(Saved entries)
§
Lemma admissible_rcons_ge_max k x : admissible e k -> m <= k ->
  admissible (rcons e k) x = admissible e x || (x == n.+1).
Proof.
move=> adm_k le_mk; have le_kn := admissible_le_size adm_k.
have le_max i : i < n -> nth 0 e i <= m by apply: nth_le_max_entry.
apply/idP/idP => [|adm_x].
- case/(admissible_rcons _ adm_k)/extendable_rcons => le_x tail _.
  have [lt_x|->] : x < n.+1 \/ x = n.+1 by lia.
    by apply/orP; left; apply/admissibleE; split.
  by rewrite eqxx orbT.
- apply/(admissible_rcons _ adm_k)/extendable_rcons.
  case/orP: adm_x => [/admissibleE[le_x tail]|/eqP->].
    split=> [|//|i lt_i]; first exact: leqW.
    by have := le_max i lt_i; lia.
  split=> // [i j lt_ij lt_j _|i lt_i]; right; have := le_max i; lia.
Qed.

Lemma admissible_rcons_lt_max k x : admissible e k -> k < m ->
  admissible (rcons e k) x = (x == k) || (m <= x <= n.+1).
Proof.
move=> adm_k lt_km; have le_max i : i < n -> nth 0 e i <= m by apply: nth_le_max_entry.
apply/idP/idP => [|adm_x].
- case/(admissible_rcons _ adm_k)/extendable_rcons => le_x _ tail_k.
  have [i lt_i Ei] := max_entry_attained e_gt0.
  have := tail_k i lt_i; rewrite Ei; lia.
- apply/(admissible_rcons _ adm_k)/extendable_rcons.
  case/orP: adm_x => [/eqP->|/andP[ge_x le_x]].
    have /admissibleE[le_k tail] := adm_k.
    by split=> [|//|]; [exact: leqW | left].
  split=> // [i j lt_ij lt_j _|i lt_i _]; right; have := le_max i; lia.
Qed.

Lemma admissiblesE : admissibles e = low ++ iota m (n.+1 - m).
Proof.
have le_mn : m <= n.+1 by have := max_entry_lt_size; lia.
rewrite /admissibles -{1}(subnKC le_mn) iotaD filter_cat add0n; congr (_ ++ _).
apply/all_filterP/allP => x; rewrite mem_iota => range_x.
by apply: admissible_ge_max => //; lia.
Qed.

Lemma admissibles_below_max_lt_last : a < m -> low = [:: a].
Proof.
move=> lt_am; rewrite /admissibles_below_max.
rewrite (@eq_in_filter _ _ (pred1 a)) ?filter_pred1_uniq ?iota_uniq ?mem_iota //.
move=> x; rewrite mem_iota => /andP[_ lt_xm] /=; apply/idP/eqP => [adm_x|->].
  exact: admissible_lt_max.
exact: admissible_last.
Qed.

Lemma admissibles_rcons_ge_max k : admissible e k -> m <= k ->
  admissibles (rcons e k) = rcons (admissibles e) n.+1.
Proof.
move=> adm_k le_mk; rewrite /admissibles size_rcons -addn1 iotaD filter_cat add0n.
have -> : [seq x <- iota n.+1 1 | admissible (rcons e k) x] = [:: n.+1].
  by rewrite /= (admissible_rcons_ge_max _ adm_k le_mk) eqxx orbT.
rewrite cats1; congr (rcons _ _).
apply: eq_in_filter => x; rewrite mem_iota => /andP[_ lt_x].
by rewrite (admissible_rcons_ge_max _ adm_k le_mk) (ltn_eqF lt_x) orbF.
Qed.

Lemma admissibles_rcons_lt_max k : admissible e k -> k < m ->
  admissibles (rcons e k) = k :: iota m (n.+2 - m).
Proof.
move=> adm_k lt_km; have le_mn : m <= n.+2 by have := max_entry_lt_size; lia.
rewrite /admissibles size_rcons -{1}(subnKC le_mn) iotaD filter_cat add0n.
rewrite (@eq_in_filter _ _ (pred1 k) (iota 0 m)); last first.
  move=> x; rewrite mem_iota => /andP[_ lt_x] /=.
  by rewrite (admissible_rcons_lt_max _ adm_k lt_km) leqNgt lt_x orbF.
rewrite (@filter_pred1_uniq _ (iota 0 m)) ?iota_uniq ?mem_iota //=; congr cons.
apply/all_filterP/allP => x; rewrite mem_iota => range_x.
by rewrite (admissible_rcons_lt_max _ adm_k lt_km); apply/orP; right; lia.
Qed.

Lemma count_below_max_gt t : m <= t -> count (fun x => t < x) low = 0.
Proof.
move=> le_mt; apply/eqP; rewrite -leqn0 leqNgt -has_count; apply/hasPn => x.
by move/admissibles_below_max_lt; lia.
Qed.

Lemma count_below_max_leq t : m <= t -> count (fun x => x <= t) low = size low.
Proof.
move=> le_mt; apply/eqP; rewrite -all_count; apply/allP => x.
by move/admissibles_below_max_lt; lia.
Qed.

Lemma params_rcons_lt_max k : admissible e k -> k < m ->
  param_p (rcons e k) = n.+2 - m /\ param_q (rcons e k) = 1.
Proof.
move=> adm_k lt_km; rewrite param_pE param_qE last_rcons admissibles_rcons_lt_max //=.
by rewrite ltnn leqnn count_iota_gt count_iota_leq; lia.
Qed.
(* There is a Borel function $f:(\omega^\omega)^3\to\omega^\omega$ which has no superperfect free subset.
   Context: A tree $T\subseteq\omega^{<\omega}$ is superperfect if for every $\sigma\in T$ there is $\tau\supseteq\sigma$ in $T$ such that $\tau^\frown\langle n\rangle\in T$ for infinitely many $n$; a superperfect set is a set of the form $[T]$ (the infinite branches of $T$) for a superperfect tree $T$. A set $A\subseteq\omega^\omega$ is free for $f:(\omega^\omega)^3\to\omega^\omega$ if for all $(a_0,a_1,a_2)\in A^3$, $f(a_0,a_1,a_2)\in\{a_0,a_1,a_2\}\cup(\omega^\omega\setminus A)$. *)

From Stdlib Require Import List Arith.
Import ListNotations.

Definition baire := nat -> nat.
Definition triple := (baire * baire * baire)%type.

Definition restr (x : baire) (n : nat) : list nat := map x (seq 0 n).

Definition open_baire (U : baire -> Prop) : Prop :=
  forall x, U x -> exists n, forall y, restr y n = restr x n -> U y.

Definition open_triple (U : triple -> Prop) : Prop :=
  forall a, U a -> exists n, forall b,
      restr (fst (fst b)) n = restr (fst (fst a)) n ->
      restr (snd (fst b)) n = restr (snd (fst a)) n ->
      restr (snd b) n = restr (snd a) n -> U b.

Inductive borel_triple : (triple -> Prop) -> Prop :=
  | borel_open U : open_triple U -> borel_triple U
  | borel_compl U : borel_triple U -> borel_triple (fun a => ~ U a)
  | borel_cunion (F : nat -> triple -> Prop) :
      (forall i, borel_triple (F i)) -> borel_triple (fun a => exists i, F i a)
  | borel_ext U V : (forall a, U a <-> V a) -> borel_triple U -> borel_triple V.

Definition borel_fun (f : triple -> baire) : Prop :=
  forall U, open_baire U -> borel_triple (fun a => U (f a)).

Definition is_tree (T : list nat -> Prop) : Prop :=
  T [] /\ forall s t, T (s ++ t) -> T s.

Definition extends (t s : list nat) : Prop := exists u, t = s ++ u.

Definition superperfect_tree (T : list nat -> Prop) : Prop :=
  is_tree T /\
  forall s, T s -> exists t, extends t s /\ T t /\
     (forall m, exists n, m <= n /\ T (t ++ [n])).

Definition branches (T : list nat -> Prop) (x : baire) : Prop :=
  forall n, T (restr x n).

Definition superperfect_set (A : baire -> Prop) : Prop :=
  exists T, superperfect_tree T /\ forall x, A x <-> branches T x.

Definition free_for (f : triple -> baire) (A : baire -> Prop) : Prop :=
  forall a0 a1 a2, A a0 -> A a1 -> A a2 ->
    let y := f (a0, a1, a2) in
    y = a0 \/ y = a1 \/ y = a2 \/ ~ A y.

(* Index i is a record of coordinate j of a triple when the value of that coordinate at i
   exceeds all earlier values of the three coordinates and the other two values at i.  The
   decoder reads the successive record holders, ignoring repetitions, as moves on Z/3: a move
   forward closes the current output entry, a move backward increments it.  Each finite output
   depends on finitely many coordinates and the outputs grow, so their limit is Borel.

   Given a superperfect tree T, take a splitting node t with children c <> c', a branch w
   through t ++ [c], and a splitting node rho above t ++ [c'].  Three branches through rho are
   built in stages: the current leader sits at a splitting node, so it can be given a value
   exceeding everything else built in that stage, while the next leader is moved up to a fresh
   splitting node.  Scheduling the leaders to transmit w makes the decoder map the three
   branches to w, which lies in [T] but differs from all of them. *)

From Stdlib Require Import Bool List Arith Lia ClassicalEpsilon Classical FunctionalExtensionality.
Import ListNotations.

Lemma extends_refl s : extends s s.
Proof. exists []. now rewrite app_nil_r. Qed.

Lemma extends_app s u : extends (s ++ u) s.
Proof. now exists u. Qed.

Lemma extends_trans s t u : extends u t -> extends t s -> extends u s.
Proof. intros [v ->] [v' ->]. exists (v' ++ v). now rewrite app_assoc. Qed.

Lemma extends_length s t : extends t s -> length s <= length t.
Proof. intros [u ->]. rewrite length_app. lia. Qed.

Lemma extends_nth s t i : extends t s -> i < length s -> nth i t 0 = nth i s 0.
Proof. intros [u ->] Hi. now apply app_nth1. Qed.

Lemma extends_chain (c : nat -> list nat) :
  (forall k, extends (c (S k)) (c k)) -> forall k m, k <= m -> extends (c m) (c k).
Proof.
  intros Hc k m Hkm. induction Hkm as [|m _ IH]; [apply extends_refl|].
  exact (extends_trans _ _ _ (Hc m) IH).
Qed.

Lemma in_extends s t x : extends t s -> In x s -> In x t.
Proof. intros [u ->] Hx. apply in_or_app. now left. Qed.

Lemma le_list_max x l : In x l -> x <= list_max l.
Proof.
  intros Hx. pose proof (proj1 (list_max_le l (list_max l)) (le_n _)) as Hmax.
  rewrite Forall_forall in Hmax. now apply Hmax.
Qed.

Lemma length_restr x n : length (restr x n) = n.
Proof. unfold restr. now rewrite length_map, length_seq. Qed.

Lemma nth_restr x n i : i < n -> nth i (restr x n) 0 = x i.
Proof.
  intros Hi. unfold restr.
  rewrite nth_indep with (d' := x 0) by (rewrite length_map, length_seq; lia).
  now rewrite map_nth, seq_nth.
Qed.

Lemma restr_S x n : restr x (S n) = restr x n ++ [x n].
Proof. unfold restr. now rewrite seq_S, map_app. Qed.

Lemma restr_extends x n m : n <= m -> extends (restr x m) (restr x n).
Proof.
  intros Hnm. unfold restr. replace m with (n + (m - n)) by lia.
  rewrite seq_app, map_app. apply extends_app.
Qed.

Lemma restr_eq_nth x s i : restr x (length s) = s -> i < length s -> x i = nth i s 0.
Proof. intros Hx Hi. rewrite <- (nth_restr x (length s) i Hi). now rewrite Hx. Qed.

Lemma restr_eq_at x y n i : restr x n = restr y n -> i < n -> x i = y i.
Proof. intros Hxy Hi. now rewrite <- (nth_restr x n i Hi), Hxy, nth_restr. Qed.

Lemma dependent_choice {X : Type} (P : nat -> X -> Prop) (R : nat -> X -> X -> Prop) (x0 : X) :
  P 0 x0 -> (forall k x, P k x -> exists y, P (S k) y /\ R k x y) ->
  exists f : nat -> X, f 0 = x0 /\ forall k, P k (f k) /\ R k (f k) (f (S k)).
Proof.
  intros H0 Hstep.
  set (next k x := epsilon (inhabits x) (fun y => P (S k) y /\ R k x y)).
  set (f := fix f k := match k with 0 => x0 | S k => next k (f k) end).
  assert (Hnext : forall k x, P k x -> P (S k) (next k x) /\ R k x (next k x)).
  { intros k x Hx. exact (epsilon_spec (inhabits x) _ (Hstep k x Hx)). }
  assert (Hf : forall k, P k (f k)).
  { induction k as [|k IH]; [exact H0|]. exact (proj1 (Hnext k _ IH)). }
  exists f. split; [reflexivity|]. intros k. split; [apply Hf|]. exact (proj2 (Hnext k _ (Hf k))).
Qed.

Lemma borel_triple_const (P : Prop) : borel_triple (fun _ => P).
Proof. apply borel_open. intros a Ha. now exists 0. Qed.

Lemma borel_triple_or U V :
  borel_triple U -> borel_triple V -> borel_triple (fun a => U a \/ V a).
Proof.
  intros HU HV.
  apply borel_ext with (fun a => exists i, match i with 0 => U a | _ => V a end).
  - intros a. split; [intros [[|i] H]; auto | intros [H|H]; [exists 0 | exists 1]; auto].
  - apply (borel_cunion (fun i a => match i with 0 => U a | _ => V a end)). now intros [|i].
Qed.

Lemma borel_triple_and U V :
  borel_triple U -> borel_triple V -> borel_triple (fun a => U a /\ V a).
Proof.
  intros HU HV. apply borel_ext with (fun a => ~ (~ U a \/ ~ V a)).
  - intros a. split; [intros H; split; apply NNPP; tauto | tauto].
  - apply borel_compl, borel_triple_or; now apply borel_compl.
Qed.

Lemma borel_restr_of_coords (g : triple -> baire) :
  (forall n m, borel_triple (fun a => g a n = m)) ->
  forall n (P : list nat -> Prop), borel_triple (fun a => P (restr (g a) n)).
Proof.
  intros Hg n. induction n as [|n IH]; intros P; [exact (borel_triple_const (P []))|].
  apply borel_ext with (fun a => exists m, g a n = m /\ P (restr (g a) n ++ [m])).
  - intros a. rewrite restr_S. split; [intros [m [-> H]]; exact H | eauto].
  - apply (borel_cunion (fun m a => g a n = m /\ P (restr (g a) n ++ [m]))). intros m.
    apply borel_triple_and; [apply Hg | exact (IH (fun l => P (l ++ [m])))].
Qed.

Lemma borel_fun_of_coords (g : triple -> baire) :
  (forall n m, borel_triple (fun a => g a n = m)) -> borel_fun g.
Proof.
  intros Hg U HU.
  apply borel_ext with (fun a => exists n, forall y, restr y n = restr (g a) n -> U y).
  - intros a. split; [intros [n Hn]; now apply Hn | intros H; destruct (HU _ H) as [n Hn]; eauto].
  - apply (borel_cunion (fun n a => forall y, restr y n = restr (g a) n -> U y)). intros n.
    exact (borel_restr_of_coords g Hg n (fun l => forall y, restr y n = l -> U y)).
Qed.

(* The entry at [n] is [0] when no [o N] is long enough to have one. *)
Definition eventual (o : nat -> list nat) : baire :=
  fun n => nth n (o (epsilon (inhabits 0) (fun N => n < length (o N)))) 0.

Lemma eventual_nth o N n :
  (forall N, extends (o (S N)) (o N)) -> n < length (o N) -> eventual o n = nth n (o N) 0.
Proof.
  intros Ho Hn. unfold eventual.
  set (M := epsilon _ _).
  assert (HM : n < length (o M))
    by exact (epsilon_spec (inhabits 0) (fun N => n < length (o N)) (ex_intro _ N Hn)).
  destruct (Nat.le_ge_cases N M) as [H|H].
  - apply extends_nth; auto. now apply extends_chain.
  - symmetry. apply extends_nth; auto. now apply extends_chain.
Qed.

Lemma eventual_overflow o n : (forall N, length (o N) <= n) -> eventual o n = 0.
Proof. intros Ho. apply nth_overflow, Ho. Qed.

Lemma borel_eventual (o : triple -> nat -> list nat) :
  (forall N (P : list nat -> Prop), open_triple (fun a => P (o a N))) ->
  (forall a N, extends (o a (S N)) (o a N)) ->
  borel_fun (fun a => eventual (o a)).
Proof.
  intros Hopen Hmono. apply borel_fun_of_coords. intros n m.
  set (defined a := exists N, n < length (o a N)).
  apply borel_ext with (fun a => (exists N, n < length (o a N) /\ nth n (o a N) 0 = m)
                                 \/ (~ defined a /\ m = 0)).
  - intros a. assert (Hundef : ~ defined a -> forall N, length (o a N) <= n).
    { intros H N. apply Nat.nlt_ge. intros HN. apply H. now exists N. }
    split.
    + intros [[N [HN <-]] | [HN ->]];
        [now apply eventual_nth | now apply eventual_overflow, Hundef].
    + intros <-. destruct (classic (defined a)) as [[N HN]|HN].
      * left. exists N. split; auto. symmetry. now apply eventual_nth.
      * right. split; auto. now apply eventual_overflow, Hundef.
  - apply borel_triple_or.
    + apply (borel_cunion (fun N a => n < length (o a N) /\ nth n (o a N) 0 = m)). intros N.
      apply borel_open, (Hopen N (fun l => n < length l /\ nth n l 0 = m)).
    + apply borel_triple_and; [|apply borel_triple_const].
      apply borel_compl, (borel_cunion (fun N a => n < length (o a N))). intros N.
      apply borel_open, (Hopen N (fun l => n < length l)).
Qed.

Definition coord (a : triple) (j : nat) : baire :=
  match j with 0 => fst (fst a) | 1 => snd (fst a) | _ => snd a end.

Lemma coord_triple (x : nat -> baire) j : j < 3 -> coord (x 0, x 1, x 2) j = x j.
Proof. intros Hj. now destruct j as [|[|[|j]]]; [..|lia]. Qed.

Definition leads (a : triple) (j i : nat) : bool :=
  let v := coord a j i in
  forallb (fun i' => forallb (fun j' => coord a j' i' <? v) [0; 1; 2]) (seq 0 i)
  && forallb (fun j' => (j' =? j) || (coord a j' i <? v)) [0; 1; 2].

Lemma leadsP a j i :
  leads a j i = true <->
  (forall i' j', i' < i -> j' < 3 -> coord a j' i' < coord a j i) /\
  (forall j', j' < 3 -> j' <> j -> coord a j' i < coord a j i).
Proof.
  assert (In3 : forall j', In j' [0; 1; 2] <-> j' < 3) by (simpl; lia).
  unfold leads. rewrite andb_true_iff, !forallb_forall.
  setoid_rewrite forallb_forall. setoid_rewrite in_seq. setoid_rewrite In3.
  setoid_rewrite orb_true_iff. setoid_rewrite Nat.eqb_eq. setoid_rewrite Nat.ltb_lt.
  split; intros [H1 H2]; split.
  - intros i' j' Hi' Hj'. apply H1; auto. lia.
  - intros j' Hj' Hne. destruct (H2 j' Hj'); tauto.
  - intros i' Hi' j' Hj'. apply H1; auto. lia.
  - intros j' Hj'. destruct (Nat.eq_dec j' j); auto.
Qed.

Definition record (a : triple) (i : nat) : option nat := find (fun j => leads a j i) [0; 1; 2].

Lemma record_Some a i j : record a i = Some j -> j < 3 /\ leads a j i = true.
Proof. intros H. apply find_some in H. simpl in H. split; [lia | tauto]. Qed.

Lemma record_leader a i j : j < 3 -> leads a j i = true -> record a i = Some j.
Proof.
  intros Hj Hlead. unfold record. destruct (find _ _) as [j'|] eqn:E.
  - apply find_some in E as [Hj' Hlead']. simpl in Hj'.
    destruct (Nat.eq_dec j' j) as [->|Hne]; auto.
    apply leadsP in Hlead as [_ Hlead], Hlead' as [_ Hlead'].
    specialize (Hlead j'). specialize (Hlead' j). lia.
  - rewrite (find_none _ _ E j) in Hlead; [discriminate | simpl; lia].
Qed.

Lemma record_tie a i : coord a 0 i = coord a 1 i -> coord a 1 i = coord a 2 i -> record a i = None.
Proof.
  intros E01 E12. destruct (record a i) as [j|] eqn:E; auto.
  apply record_Some in E as [Hj Hlead]. apply leadsP in Hlead as [_ Hlead].
  destruct j as [|[|[|j]]]; [specialize (Hlead 1) | specialize (Hlead 0) ..]; lia.
Qed.

Definition agree_below (a b : triple) (N : nat) : Prop :=
  forall j i, i < N -> coord a j i = coord b j i.

Lemma leads_agree a b j i : agree_below a b (S i) -> leads a j i = leads b j i.
Proof.
  intros Hab.
  assert (E : forall j' i', i' <= i -> coord a j' i' = coord b j' i') by (intros; apply Hab; lia).
  apply Bool.eq_true_iff_eq. rewrite !leadsP.
  split; intros [H1 H2]; split; intros;
    first [rewrite <- !E by lia; now auto | rewrite !E by lia; now auto].
Qed.

Lemma record_agree a b i : agree_below a b (S i) -> record a i = record b i.
Proof.
  intros Hab. unfold record. simpl. now rewrite !(leads_agree a b _ i Hab).
Qed.
Lemma qform1E n (x : 'rV[algC]_n) : qform 1%:M x = \sum_u x 0 u * (x 0 u)^*.
Proof. by rewrite /qform mulmx1 !mxE; apply: eq_bigr => u _; rewrite ?mxE. Qed.

Section HermitianSpectrum.
Variables (n : nat) (A : 'M[algC]_n).
Hypothesis A_herm : A \is hermsymmx.
Let P := spectralmx A.
Let d := spectral_diag A.
Let P_unitary : P *m P^t* = 1%:M.
Proof. exact/unitarymxP/spectral_unitarymx. Qed.

Lemma spectralmx_mulVmx : P^t* *m P = 1%:M.
Proof. by rewrite -invmx_unitary ?spectral_unitarymx // mulVmx // spectral_unit. Qed.

Lemma spectral_decomposition : A = P^t* *m diag_mx d *m P.
Proof.
rewrite -invmx_unitary ?spectral_unitarymx //.
by apply/orthomx_spectralP; apply: hermitian_normalmx.
Qed.

Lemma spectral_diag_real i : d 0 i \is Num.real.
Proof. by have /mxOverP := hermitian_spectral_diag_real A_herm; apply. Qed.

Lemma eigenvalue_spectral_diag i : eigenvalue A (d 0 i).
Proof.
have PA : P *m A = diag_mx d *m P.
  by rewrite spectral_decomposition !mulmxA P_unitary mul1mx.
apply/eigenvalueP; exists (row i P).
  by rewrite -row_mul PA mul_diag_mx; apply/rowP => j; rewrite !mxE.
rewrite rowE mulmx_free_eq0 ?row_free_unit ?spectral_unit //.
by apply/eqP => /matrixP/(_ 0 i)/eqP; rewrite !mxE !eqxx oner_eq0.
Qed.

Lemma spectral_diag_eigenvalue a : eigenvalue A a -> exists i, a = d 0 i.
Proof.
case/eigenvalueP => v vA v_neq0; set y := v *m P^t*.
have yd : y *m diag_mx d = a *: y.
  have := congr1 (mulmx^~ (P^t*)) vA.
  by rewrite spectral_decomposition !mulmxA -(mulmxA _ P) P_unitary mulmx1 -scalemxAl.
have : y != 0.
  apply: contraNneq v_neq0 => y0.
  by rewrite -[v]mulmx1 -spectralmx_mulVmx mulmxA -/y y0 mul0mx.
case/rV0Pn => i yi_neq0; exists i; apply: (mulfI yi_neq0).
by have /rowP/(_ i) := yd; rewrite mul_mx_diag !mxE => ->; rewrite mulrC.
Qed.

Lemma lambda1_exists : (0 < n)%N -> exists l, is_lambda1 A l.
Proof.
move=> n_gt0.
have [||m m_in m_max] := @real_seq_max _ [seq d 0 i | i <- enum 'I_n].
- by rewrite -size_eq0 size_map size_enum_ord -lt0n.
- by move=> _ /mapP[i _ ->]; exact: spectral_diag_real.
exists m; split; first by case/mapP: m_in => i _ ->; exact: eigenvalue_spectral_diag.
by move=> a /spectral_diag_eigenvalue[i ->]; apply/m_max/map_f; rewrite mem_enum.
Qed.

Section Rayleigh.
Variables (l : algC) (x : 'rV[algC]_n).
Hypothesis l_ub : forall a, eigenvalue A a -> a <= l.
Let y := x *m P^t*.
§
ASSIGNMENT
When the line with "let y := f (a0, a1, a2) in" is reached in the data above, begin copying, and stop after the line with "built in stages: the"; copy each line exactly, both ends included.

RESULT
    let y := f (a0, a1, a2) in
    y = a0 \/ y = a1 \/ y = a2 \/ ~ A y.

(* Index i is a record of coordinate j of a triple when the value of that coordinate at i
   exceeds all earlier values of the three coordinates and the other two values at i.  The
   decoder reads the successive record holders, ignoring repetitions, as moves on Z/3: a move
   forward closes the current output entry, a move backward increments it.  Each finite output
   depends on finitely many coordinates and the outputs grow, so their limit is Borel.

   Given a superperfect tree T, take a splitting node t with children c <> c', a branch w
   through t ++ [c], and a splitting node rho above t ++ [c'].  Three branches through rho are
   built in stages: the current leader sits at a splitting node, so it can be given a value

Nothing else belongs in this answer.